I was at the grocery story the other day and caught sight of an acquaintance I hadn't seen for over a year. I started to walk across the store to say hello, when I froze. I realized that she had no idea about my diagnosis, and I would have to decide whether or not to jump into that minefield when she asked how I have been over the past year.

So instead I walked the other way.

Meeting new people is sometimes a bit awkward for me now, since I never know if or when I should drop the "I have cancer" bomb. I still have my hair, so there is no tell-tale chemo sign. Overall, there is really no external way to tell that I have anything wrong.

Yet, lung cancer has become an important part of my identity. There is not a day that goes by where I do not think of it. I have become active in the lung cancer community, and I have made new friendships because of it. It has profoundly affected who I am and how I think about life. So, like it or not, it is part of me.

I am not ashamed of having cancer, and I am happy to talk about it with people, but the initial coming out is wrought with uncertainty. Will I get the "pity face?" Will I get the list of things I should/should not eat/drink/breathe etc.? Will I get the awful silence that follows the exchange, "What stage it is?" "Stage IV." ". . . . . . . . . . " (That really happened. I wanted to say something to make her feel less awkward, but I couldn't think of anything, so I just sat there as she squirmed.)

There must be other people who feel this way, people who have an important part of themselves that is a somewhat touchy subject. Perhaps this is how members of the LGBTQ community feel? Perhaps people who have experienced a life-changing event feel this? There is no external marker to show that something big is going on, but it is there, and it is important.

I'd love to hear from others who have felt this way, if you woud be so generous to share your thoughts. And if I'm way off base, tell me that too!

I used to say that I wanted to live a hundred lives in my lifetime. This upside of this cancer journey is that it is helping me to walk in other people's shoes and see with their eyes.

There is the yin in that yang.

Monday, January 06, 2014

When Truth is Not Absolute

Jason and I adamantly believe in being honest with the kids. No matter how difficult or awkward the question, we always strive to answer in a straight-forward and age appropriate way. This includes all topics, from Santa Claus to where babies come from. (Side note - like most kids of his age, Zander has this fascinating ability to simultaneously believe in something and know that it is imaginary. He knows that Jason and I fill his Christmas stocking, but he also believes that Santa is real.) (Side side note - when I was pregnant with the girls, I prepared an explanation about where babies come from, complete with gardening analogies. Two-year-old Zander was totally disinterested.)

So how do you tackle telling kids their mom has cancer?

Mom, is Casper the Ghost real?
No, he is a character in a story.

We told them that I am sick, with a big sickness that requires some really big medicine. And sometimes that medicine makes me feel really tired and crummy. We told them that it is a sickness that takes a lot of work to get rid of, and that the doctors are doing everything they can to fix it.

This is, essentially, the truth.

Mom, are ghosts real?
No. ...but some people think spirits are real.

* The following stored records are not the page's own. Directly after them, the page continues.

(* Let $L$ be a finite-dimensional Lie superalgebra over a field of characteristic different from $2,3$, let $0\to R\to F\xrightarrow{\pi} L\to 0$ be a free presentation of $L$, and let $(T,\lambda)$ be a universal element of $C(L)$. Then $T$ is isoclinic to $F/[F,R]$.
   Context: Lie superalgebras: $\mathbb{Z}_2$-graded algebras with graded skew-symmetric bracket satisfying the graded Jacobi identity; homomorphisms are even. A free presentation of $L$ is a free Lie superalgebra $F$ on a $\mathbb{Z}_2$-graded set together with a surjective homomorphism $\pi:F\to L$, with $R=\mathrm{Ker}(\pi)$. $C(L)$ is the class of pairs $(K,\lambda)$ with $\lambda:K\to L$ a surjective homomorphism and $\mathrm{Ker}(\lambda)\subseteq [K,K]\cap Z(K)$; $(T,\sigma)\in C(L)$ is universal if for every $(K,\lambda)\in C(L)$ there is a homomorphism $\tau:T\to K$ with $\lambda\circ\tau=\sigma$. Two Lie superalgebras $A,B$ are isoclinic if there are isomorphisms $\varphi:A/Z(A)\to B/Z(B)$, $\theta:A'\to B'$ ($A'=[A,A]$) with $\theta([a,b])=[c,d]$ whenever $c+Z(B)=\varphi(a+Z(A))$ and $d+Z(B)=\varphi(b+Z(A))$. *)

From HB Require Import structures.
From mathcomp Require Import all_boot all_order all_algebra.
Set Implicit Arguments. Unset Strict Implicit. Unset Printing Implicit Defensive.
Import GRing.Theory.
Local Open Scope ring_scope.

(* Koszul sign (-1)^(a b) for parities a, b (false = even, true = odd). *)
Definition ksgn (K : fieldType) (a b : bool) : K := (-1) ^+ (a && b).
(* Let $A,C\in\mathbb{C}^{n\times n}$ be Hermitian positive semidefinite. Then $\|I+AC\|\ge 1$, and equality holds if and only if $AC=0$.
   Context: $\|\cdot\|$ is the spectral (operator) norm. *)

From HB Require Import structures.
From mathcomp Require Import all_boot all_order all_algebra.
From mathcomp Require Import complex.
From mathcomp Require Import classical_sets reals.
Set Implicit Arguments. Unset Strict Implicit. Unset Printing Implicit Defensive.
Import Order.TTheory GRing.Theory Num.Theory.
Local Open Scope ring_scope.
Local Open Scope classical_set_scope.

Definition ctrmx {R : realType} m n (M : 'M[R[i]]_(m, n)) : 'M[R[i]]_(n, m) :=
  (map_mx conjc M)^T.

Definition hermitian {R : realType} n (M : 'M[R[i]]_n) : Prop := ctrmx M = M.

(* Hermitian positive semidefinite: Hermitian and x^* M x >= 0 for all x
   (the order on R[i] is the canonical one: 0 <= z iff z is real and >= 0). *)
Definition psd {R : realType} n (M : 'M[R[i]]_n) : Prop :=
  hermitian M /\ forall x : 'cV[R[i]]_n, 0 <= (ctrmx x *m M *m x) 0 0.

Definition vnorm {R : realType} n (x : 'cV[R[i]]_n) : R :=
  Num.sqrt (\sum_(i < n) (complex.Re (x i 0) ^+ 2 + complex.Im (x i 0) ^+ 2)).

Definition spnorm {R : realType} n (M : 'M[R[i]]_n) : R :=
  sup [set vnorm (M *m x) | x in [set x : 'cV[R[i]]_n | vnorm x <= 1]].

From Pilot Require Import Defs.
From HB Require Import structures.
From mathcomp Require Import all_boot all_order all_algebra.
From mathcomp Require Import complex.
From mathcomp Require Import classical_sets reals.
From mathcomp Require Import spectral ring lra.
Import Order.TTheory GRing.Theory Num.Theory.
Local Open Scope ring_scope.

(* Write N := A C. The j-th column of I + N has squared norm
   1 + 2 Re N_jj + |N e_j|^2. Summed over j, the excesses over 1 add up to
   2 Re tr(AC) + |N|_F^2, which is nonnegative because tr(AC) >= 0 for
   positive semidefinite A and C (diagonalize C by a unitary matrix), and
   positive when N <> 0. Hence some column of I + N has norm >= 1, and norm
   > 1 unless AC = 0; conversely I + 0 = I has norm 1. *)

Lemma sumr_ge0_exists {R : realDomainType} {I : finType} (i0 : I) (F : I -> R) :
  0 <= \sum_i F i -> exists i, 0 <= F i.
Proof.
move=> sum_ge0; apply/existsP; apply: contraLR sum_ge0.
rewrite negb_exists => /forallP F_lt0; rewrite -ltNge.
rewrite -[X in _ < X](@big1_eq R 0 +%R _ (index_enum I) predT).
by apply: ltr_sum => [|i _]; [apply/hasP; exists i0; rewrite ?mem_index_enum | rewrite ltNge].
Qed.

Lemma sumr_gt0_exists {R : realDomainType} {I : finType} (F : I -> R) :
  0 < \sum_i F i -> exists i, 0 < F i.
Proof.
move=> sum_gt0; apply/existsP; apply: contraLR sum_gt0.
rewrite negb_exists => /forallP F_le0; rewrite -leNgt.
by apply: sumr_le0 => i _; rewrite leNgt.
Qed.

Lemma sqr_le_of_norm_le {R : realDomainType} (u b : R) : `|u| <= b -> u ^+ 2 <= b ^+ 2.
Proof.
move=> u_le_b; rewrite -real_normK ?num_real // ler_sqr ?nnegrE //.
exact: le_trans u_le_b.
Qed.

Section ComplexMatrices.
Local Set Implicit Arguments.
Local Unset Strict Implicit.
Variable R : realType.
Local Notation C := (R[i]).
Local Notation Re := complex.Re.
Local Notation Im := complex.Im.

Lemma ctrmxE m n (M : 'M[C]_(m, n)) : ctrmx M = (M ^t*)%sesqui.
Proof. by rewrite /ctrmx map_trmx. Qed.

Lemma psd_congr_diag_ge0 n (A P : 'M[C]_n) k :
  psd A -> 0 <= (P *m A *m (P ^t*)%sesqui) k k.
Proof.
move=> [_ A_ge0]; have := A_ge0 (ctrmx (row k P)).
suff -> : (ctrmx (ctrmx (row k P)) *m A *m ctrmx (row k P)) 0 0
   = (P *m A *m (P ^t*)%sesqui) k k by [].
rewrite !mxE; apply: eq_bigr => j _; rewrite !mxE; congr (_ * _).
apply: eq_bigr => l _; rewrite !mxE /=.
by congr (_ * _); case: (P k l) => a b /=; rewrite opprK.
Qed.

Lemma psd_mxtrace_mul_ge0 n (A B : 'M[C]_n) : psd A -> psd B -> 0 <= \tr (A *m B).
Proof.
move=> psdA psdB.
have normalB : B \is normalmx.
  by apply/normalmxP; case: psdB; rewrite /Defs.hermitian ctrmxE => ->.
have unitP := spectral_unitarymx B; have /orthomx_spectralP B_diag := normalB.
set P := spectralmx B in B_diag unitP; set d := spectral_diag B in B_diag.
have PPt : P *m (P ^t*)%sesqui = 1%:M by apply/unitarymxP.
have dE k : d 0 k = (P *m B *m (P ^t*)%sesqui) k k.
  rewrite B_diag invmx_unitary // !mulmxA PPt mul1mx -mulmxA PPt mulmx1.
  by rewrite mxE eqxx mulr1n.
rewrite B_diag invmx_unitary // !mulmxA mxtrace_mulC !mulmxA mul_mx_diag.
apply: sumr_ge0 => k _; rewrite mxE dE.
by apply: mulr_ge0; apply: psd_congr_diag_ge0.
Qed.

Lemma psd_Re_mxtrace_mul_ge0 n (A B : 'M[C]_n) : psd A -> psd B ->
  0 <= \sum_j Re ((A *m B) j j).
Proof.
move=> psdA psdB; have := psd_mxtrace_mul_ge0 psdA psdB.
by rewrite lecE => /andP[_]; rewrite /mxtrace raddf_sum.
Qed.

Definition sqnormc (z : C) : R := Re z ^+ 2 + Im z ^+ 2.

Definition sqnorm n (x : 'cV[C]_n) : R := \sum_i sqnormc (x i 0).

Lemma vnormE n (x : 'cV[C]_n) : vnorm x = Num.sqrt (sqnorm x).
Proof. by []. Qed.

Lemma sqnormc_ge0 (z : C) : 0 <= sqnormc z.
Proof. by rewrite addr_ge0 ?sqr_ge0. Qed.

Lemma sqnormc_eq0 (z : C) : (sqnormc z == 0) = (z == 0).
Proof.
by rewrite -(inj_eq (@complexI R)) add_Re2_Im2 expf_eq0 /= normr_eq0.
Qed.

Lemma sqnorm_ge0 n (x : 'cV[C]_n) : 0 <= sqnorm x.
Proof. by apply: sumr_ge0 => i _; apply: sqnormc_ge0. Qed.

Lemma sqnormc_le_sqnorm n (x : 'cV[C]_n) i : sqnormc (x i 0) <= sqnorm x.
Proof.
by rewrite /sqnorm (bigD1 i) //= lerDl sumr_ge0 // => j _; apply: sqnormc_ge0.
Qed.

Lemma sqnorm_delta n (j : 'I_n) : sqnorm (delta_mx j 0 : 'cV[C]_n) = 1.
Proof.
rewrite /sqnorm (bigD1 j) //= big1 => [|i /negbTE neq_ij]; rewrite /sqnormc !mxE.
  by rewrite !eqxx /= expr1n expr0n !addr0.
by rewrite neq_ij /= expr0n addr0.
Qed.

Lemma vnorm_delta n (j : 'I_n) : vnorm (delta_mx j 0 : 'cV[C]_n) = 1.
Proof. by rewrite vnormE sqnorm_delta sqrtr1. Qed.

Lemma sqnorm_col_add1 n (N : 'M[C]_n) j :
  sqnorm (col j (1%:M + N)) = 1 + (2 * Re (N j j) + sqnorm (col j N)).
Proof.
rewrite /sqnorm (bigD1 j) //= [in RHS](bigD1 j) //=.
rewrite (eq_bigr (fun i => sqnormc (col j N i 0))) => [|i /negbTE neq_ij]; last first.
  by rewrite !mxE neq_ij mulr0n add0r.
rewrite /sqnormc !mxE eqxx mulr1n raddfD [Im _]raddfD /=.
ring.
Qed.

Lemma frobenius_eq0 n (N : 'M[C]_n) : \sum_j sqnorm (col j N) = 0 -> N = 0.
Proof.
move=> sum_eq0; apply/matrixP => i j.
have col_eq0 : sqnorm (col j N) = 0.
  exact: psumr_eq0P (fun k _ => sqnorm_ge0 _) sum_eq0 _ isT.
have /eqP : sqnormc (col j N i 0) = 0.
  exact: psumr_eq0P (fun k _ => sqnormc_ge0 _) col_eq0 _ isT.
by rewrite sqnormc_eq0 !mxE => /eqP.
Qed.

Lemma normr_Re_le1 (z : C) : sqnormc z <= 1 -> `|Re z| <= 1.
Proof.
move=> z_le1; rewrite -(@expr_le1 _ 2) // real_normK ?num_real //.
by apply: le_trans z_le1; rewrite lerDl sqr_ge0.
Qed.

Lemma normr_Im_le1 (z : C) : sqnormc z <= 1 -> `|Im z| <= 1.
Proof.
move=> z_le1; rewrite -(@expr_le1 _ 2) // real_normK ?num_real //.
by apply: le_trans z_le1; rewrite lerDr sqr_ge0.
Qed.

Lemma normr_ReM_le (a z : C) : sqnormc z <= 1 -> `|Re (a * z)| <= `|Re a| + `|Im a|.
Proof.
move=> z_le1; move: (normr_Re_le1 z_le1) (normr_Im_le1 z_le1).
case: a z {z_le1} => a b [c d] /= c_le1 d_le1.
by apply: le_trans (ler_normB _ _) _; rewrite !normrM lerD // ler_piMr.
Qed.

Lemma normr_ImM_le (a z : C) : sqnormc z <= 1 -> `|Im (a * z)| <= `|Re a| + `|Im a|.
Proof.
move=> z_le1; move: (normr_Re_le1 z_le1) (normr_Im_le1 z_le1).
case: a z {z_le1} => a b [c d] /= c_le1 d_le1.
by apply: le_trans (ler_normD _ _) _; rewrite !normrM lerD // ler_piMr.
Qed.

Definition unit_ball_image n (M : 'M[C]_n) : set R :=
  [set vnorm (M *m x) | x in [set x : 'cV[C]_n | vnorm x <= 1]].

Lemma unit_ball_image_ubound n (M : 'M[C]_n) : has_ubound (unit_ball_image M).
Proof.
pose b i := \sum_j (`|Re (M i j)| + `|Im (M i j)|).
exists (Num.sqrt (\sum_i (b i ^+ 2 + b i ^+ 2))) => _ [x x_le1 <-].
rewrite vnormE; apply: ler_wsqrtr; apply: ler_sum => i _.
have x_le1' : sqnorm x <= 1 by rewrite -(ler_sqrt _ ler01) sqrtr1.
have xj_le1 j : sqnormc (x j 0) <= 1 := le_trans (sqnormc_le_sqnorm x j) x_le1'.
rewrite /sqnormc mxE raddf_sum [Im _]raddf_sum.
by apply: lerD; apply: sqr_le_of_norm_le; apply: le_trans (ler_norm_sum _ _ _) _;
  apply: ler_sum => j _; [apply: normr_ReM_le | apply: normr_ImM_le].
Qed.

Lemma vnorm_col_le_spnorm n (M : 'M[C]_n) j : vnorm (col j M) <= spnorm M.
Proof.
apply: ub_le_sup; first exact: unit_ball_image_ubound.
by exists (delta_mx j 0); rewrite /= ?vnorm_delta // -colE.
Qed.

Lemma spnorm1 n : (0 < n)%N -> spnorm (1%:M : 'M[C]_n) = 1.
Proof.
move=> n_gt0; pose j0 := Ordinal n_gt0.
apply: le_anti; apply/andP; split.
  apply: ge_sup => [|_ [x x_le1 <-]]; last by rewrite mul1mx.
  by exists 1, (delta_mx j0 0); rewrite /= ?mul1mx vnorm_delta.
by have := vnorm_col_le_spnorm (1%:M : 'M[C]_n) j0; rewrite colE mul1mx vnorm_delta.
Qed.

End ComplexMatrices.

Theorem proposition3p2 (R : realType) (n : nat) (A C : 'M[R[i]]_n) :
  (0 < n)%N -> psd A -> psd C ->
  1 <= spnorm (1%:M + A *m C) /\
  (spnorm (1%:M + A *m C) = 1 <-> A *m C = 0).
Proof.
move=> n_gt0 psdA psdC; set N := A *m C.
pose g j := 2 * complex.Re (N j j) + sqnorm (col j N).
have vnorm_col j : vnorm (col j (1%:M + N)) = Num.sqrt (1 + g j).
  by rewrite vnormE sqnorm_col_add1.
have sum_g : \sum_j g j = 2 * \sum_j complex.Re (N j j) + \sum_j sqnorm (col j N).
  by rewrite big_split mulr_sumr.
have trN_ge0 := psd_Re_mxtrace_mul_ge0 psdA psdC.
have frob_ge0 : 0 <= \sum_j sqnorm (col j N).
  by apply: sumr_ge0 => j _; apply: sqnorm_ge0.
have spnorm_ge1 : 1 <= spnorm (1%:M + N).
  have [j g_ge0] : exists j, 0 <= g j.
    by apply: (sumr_ge0_exists (Ordinal n_gt0)); rewrite sum_g; lra.
  apply: le_trans (vnorm_col_le_spnorm _ j).
  by rewrite vnorm_col -[leLHS]sqrtr1 ler_sqrt ?lerDl //; lra.
split=> //; split=> [spnorm_eq1|N_eq0]; last by rewrite N_eq0 addr0 spnorm1.
apply: frobenius_eq0; apply/eqP; rewrite eq_le frob_ge0 andbT leNgt.
apply/negP => frob_gt0.
have [j g_gt0] : exists j, 0 < g j by apply: sumr_gt0_exists; rewrite sum_g; lra.
have := vnorm_col_le_spnorm (1%:M + N) j.
by rewrite vnorm_col spnorm_eq1 -[leRHS]sqrtr1 ler_sqrt // gerDl leNgt g_gt0.
Qed.
(* Let $T\in\mathbb{Z}_{>0}$, $\mathcal T=\{0,\dots,T\}$, $\mathcal T_{a:b}=\mathcal T\cap\{a,\dots,b\}$, and let $\boldsymbol\xi=(\xi_0,\dots,\xi_T)$ be a stochastic process with finite support. Let $L\ge 1$, $\alpha\in(0,1)$ and $\Delta:=(\alpha^{1/2}-\alpha)/L$. Then: (a) If a deterministic square matrix $\Phi$ is $(L,\alpha)$-stable and $\|\Phi-\Phi_t(\boldsymbol\xi_{0:t})\|\le\Delta$ a.s. for all $t\in\mathcal T_{1:T}$, then $\{\Phi_t(\boldsymbol\xi_{0:t})\}_{t\in\mathcal T_{1:T}}$ is $(L,\alpha^{1/2})$-stable. (b) If the deterministic pair $(A,B)$ is $(L,\alpha)$-stabilizable, $\|A-A(\xi_t)\|\le\Delta/2$ and $\|B-B(\xi_t)\|\le\Delta/(2L)$ a.s. for $t\in\mathcal T_{1:T}$, then $(\{A(\xi_t)\}_{t\in\mathcal T_{1:T}},\{B(\xi_t)\}_{t\in\mathcal T_{1:T}})$ is $(L,\alpha^{1/2})$-stabilizable. (c) If the deterministic pair $(A,C)$ is $(L,\alpha)$-detectable, $\|A-A(\xi_t)\|\le\Delta/2$ a.s. for $t\in\mathcal T_{1:T}$ and $\|C-C(\xi_t)\|\le\Delta/(2L)$ a.s. for $t\in\mathcal T_{0:T-1}$, then $(\{A(\xi_t)\}_{t\in\mathcal T_{1:T}},\{C(\xi_t)\}_{t\in\mathcal T_{0:T-1}})$ is $(L,\alpha^{1/2})$-detectable.
   Context: $\|\cdot\|$ is the Euclidean norm / induced 2-norm. $\boldsymbol\xi_{a:b}=(\xi_a,\dots,\xi_b)$. $A(\cdot),B(\cdot),C(\cdot)$ are matrix-valued functions of $\xi_t$; $\Phi_t(\cdot)$ is a square-matrix-valued function of $\boldsymbol\xi_{0:t}$. Deterministic notions (for $L>0,\alpha\in(0,1)$): a square matrix $\Phi$ is $(L,\alpha)$-stable if $\|\Phi^t\|\le L\alpha^t$ for all integers $t\ge0$; $(A,B)$ is $(L,\alpha)$-stabilizable if there is $K$ with $\|K\|\le L$ such that $A-BK$ is $(L,\alpha)$-stable; $(A,C)$ is $(L,\alpha)$-detectable if there is $K$ with $\|K\|\le L$ such that $A-KC$ is $(L,\alpha)$-stable. Stochastic notions: $\{\Phi_t(\boldsymbol\xi_{0:t})\}_{t\in\mathcal T_{1:T}}$ is $(L,\alpha)$-stable if $\|\Phi_{t''}(\boldsymbol\xi_{0:t''})\cdots\Phi_{t'+1}(\boldsymbol\xi_{0:t'+1})\|\le L\alpha^{t''-t'}$ a.s. for all $t'<t''$ in $\mathcal T$. $(\{A(\xi_t)\}_{t\in\mathcal T_{1:T}},\{B(\xi_t)\}_{t\in\mathcal T_{1:T}})$ is $(L,\alpha)$-stabilizable if there exist matrices $K_t(\boldsymbol\xi_{0:t})$, $t\in\mathcal T_{0:T-1}$ (functions of $\boldsymbol\xi_{0:t}$ only), with $\|K_t\|\le L$ a.s., such that $\{A(\xi_t)-B(\xi_t)K_{t-1}(\boldsymbol\xi_{0:t-1})\}_{t\in\mathcal T_{1:T}}$ is $(L,\alpha)$-stable. $(\{A(\xi_t)\}_{t\in\mathcal T_{1:T}},\{C(\xi_t)\}_{t\in\mathcal T_{0:T-1}})$ is $(L,\alpha)$-detectable if there exist $K_t(\boldsymbol\xi_{0:t})$, $t\in\mathcal T_{1:T}$, with $\|K_t\|\le L$ a.s., such that $\{A(\xi_t)-K_t(\boldsymbol\xi_{0:t})C(\xi_{t-1})\}_{t\in\mathcal T_{1:T}}$ is $(L,\alpha)$-stable. *)

From HB Require Import structures.
From mathcomp Require Import all_boot all_order all_algebra.
From mathcomp Require Import boolp classical_sets reals.
Set Implicit Arguments. Unset Strict Implicit. Unset Printing Implicit Defensive.
Import Order.TTheory GRing.Theory Num.Theory.
Local Open Scope ring_scope.
Local Open Scope classical_set_scope.

Definition vnorm (R : realType) (n : nat) (v : 'cV[R]_n) : R :=
  Num.sqrt (\sum_(i < n) v i 0 ^+ 2).

Definition opnorm (R : realType) (m n : nat) (A : 'M[R]_(m, n)) : R :=
  sup [set vnorm (A *m x) | x in [set x : 'cV[R]_n | vnorm x <= 1]].

Definition mpow (R : realType) (n : nat) (Phi : 'M[R]_n) (k : nat) : 'M[R]_n :=
  iter k (mulmx Phi) 1%:M.

Definition det_stable (R : realType) (n : nat) (L alpha : R) (Phi : 'M[R]_n) : Prop :=
  forall t : nat, opnorm (mpow Phi t) <= L * alpha ^+ t.

Definition det_stabilizable (R : realType) (n m : nat) (L alpha : R)
  (A : 'M[R]_n) (B : 'M[R]_(n, m)) : Prop :=
  exists K : 'M[R]_(m, n), opnorm K <= L /\ det_stable L alpha (A - B *m K).

Definition det_detectable (R : realType) (n p : nat) (L alpha : R)
  (A : 'M[R]_n) (C : 'M[R]_(p, n)) : Prop :=
  exists K : 'M[R]_(n, p), opnorm K <= L /\ det_stable L alpha (A - K *m C).

(* The process xi = (xi_0,...,xi_T) with finite support is realized on a finite
   sample space Omega with probability weights P; "almost surely" means
   "for every outcome of positive probability". *)
Definition almost_surely (R : realType) (Omega : finType) (P : Omega -> R)
  (Q : Omega -> Prop) : Prop :=
  forall w : Omega, 0 < P w -> Q w.

Definition hist (X : Type) (w : nat -> X) (t : nat) : seq X :=
  [seq w i | i <- iota 0 t.+1].

(* mprod F a k = F (a+k) * ... * F (a+1)  (identity when k = 0) *)
Fixpoint mprod (R : realType) (n : nat) (F : nat -> 'M[R]_n) (a k : nat) : 'M[R]_n :=
  match k with
  | 0 => 1%:M
  | k'.+1 => F (a + k)%N *m mprod F a k'
  end.

(* {G_t}_{t in T_{1:T}} is (L,alpha)-stable, G w t being the realized matrix
   at time t on outcome w:  ||G_{t''} ... G_{t'+1}|| <= L alpha^(t''-t') a.s.
   for all 0 <= t' < t'' <= T. *)
Definition sto_stable (R : realType) (T : nat) (Omega : finType) (P : Omega -> R)
  (n : nat) (G : Omega -> nat -> 'M[R]_n) (L alpha : R) : Prop :=
  forall t' t'' : nat, (t' < t'' <= T)%N ->
    almost_surely P (fun w =>
      opnorm (mprod (G w) t' (t'' - t')) <= L * alpha ^+ (t'' - t')).

Definition sto_stabilizable (R : realType) (T : nat) (X : Type) (Omega : finType)
  (P : Omega -> R) (xi : Omega -> nat -> X) (n m : nat) (L alpha : R)
  (A : X -> 'M[R]_n) (B : X -> 'M[R]_(n, m)) : Prop :=
  exists K : nat -> seq X -> 'M[R]_(m, n),
    (forall t : nat, (t < T)%N ->
       almost_surely P (fun w => opnorm (K t (hist (xi w) t)) <= L)) /\
    sto_stable T P
      (fun w t => A (xi w t) - B (xi w t) *m K t.-1 (hist (xi w) t.-1)) L alpha.

Definition sto_detectable (R : realType) (T : nat) (X : Type) (Omega : finType)
  (P : Omega -> R) (xi : Omega -> nat -> X) (n p : nat) (L alpha : R)
  (A : X -> 'M[R]_n) (C : X -> 'M[R]_(p, n)) : Prop :=
  exists K : nat -> seq X -> 'M[R]_(n, p),
    (forall t : nat, (1 <= t <= T)%N ->
       almost_surely P (fun w => opnorm (K t (hist (xi w) t)) <= L)) /\
    sto_stable T P
      (fun w t => A (xi w t) - K t (hist (xi w) t) *m C (xi w t.-1)) L alpha.

From HB Require Import structures.
From mathcomp Require Import all_boot all_order all_algebra.
From mathcomp Require Import boolp classical_sets reals.
From mathcomp Require Import ring lra.
Set Implicit Arguments. Unset Strict Implicit. Unset Printing Implicit Defensive.
Import Order.TTheory GRing.Theory Num.Theory.
Local Open Scope ring_scope.

(* Write every realised factor as [Phi - D] with [||D|| <= Delta].  Since
   [Phi^m (Phi - D) = Phi^(m+1) - Phi^m D] and [||Phi^m D|| <= L alpha^m Delta],
   induction on the number k of factors gives
   [||Phi^m G_(a+k) ... G_(a+1)|| <= L alpha^m (alpha + L Delta)^k],
   and for [Delta = (sqrt alpha - alpha) / L] the rate [alpha + L Delta] is
   [sqrt alpha].  In (b) and (c) the deterministic gain K is used at every time:
   the closed-loop matrices then stay within [Delta/2 + L (Delta / (2 L)) = Delta]
   of [A - B K] (resp. [A - K C]), and (a) applies. *)

Section EuclideanNorm.
Variable R : realType.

I haven't gone into the whole horrible prognosis of this disease with the kids, largely because I don't really accept it as absolute truth myself. There are people who have lived with this disease for many years. Who is to say I'm not going to be one of them? How would learning the meaning of the word "terminal" now help these small beings deal with an enormous grief that may not happen until quite a ways down the road?

Yeah... Some people believe ... that if someone you love very much dies, that person's spirit can come back and visit. You won't be able to see or touch, but you may sense this loved one.
But is that real?
...some people think so....

I do not accept that my future is a foregone conclusion. I cling to hope and all the possibilities that hide in the unknown.

I'm still expecting my deus ex machina in Act V.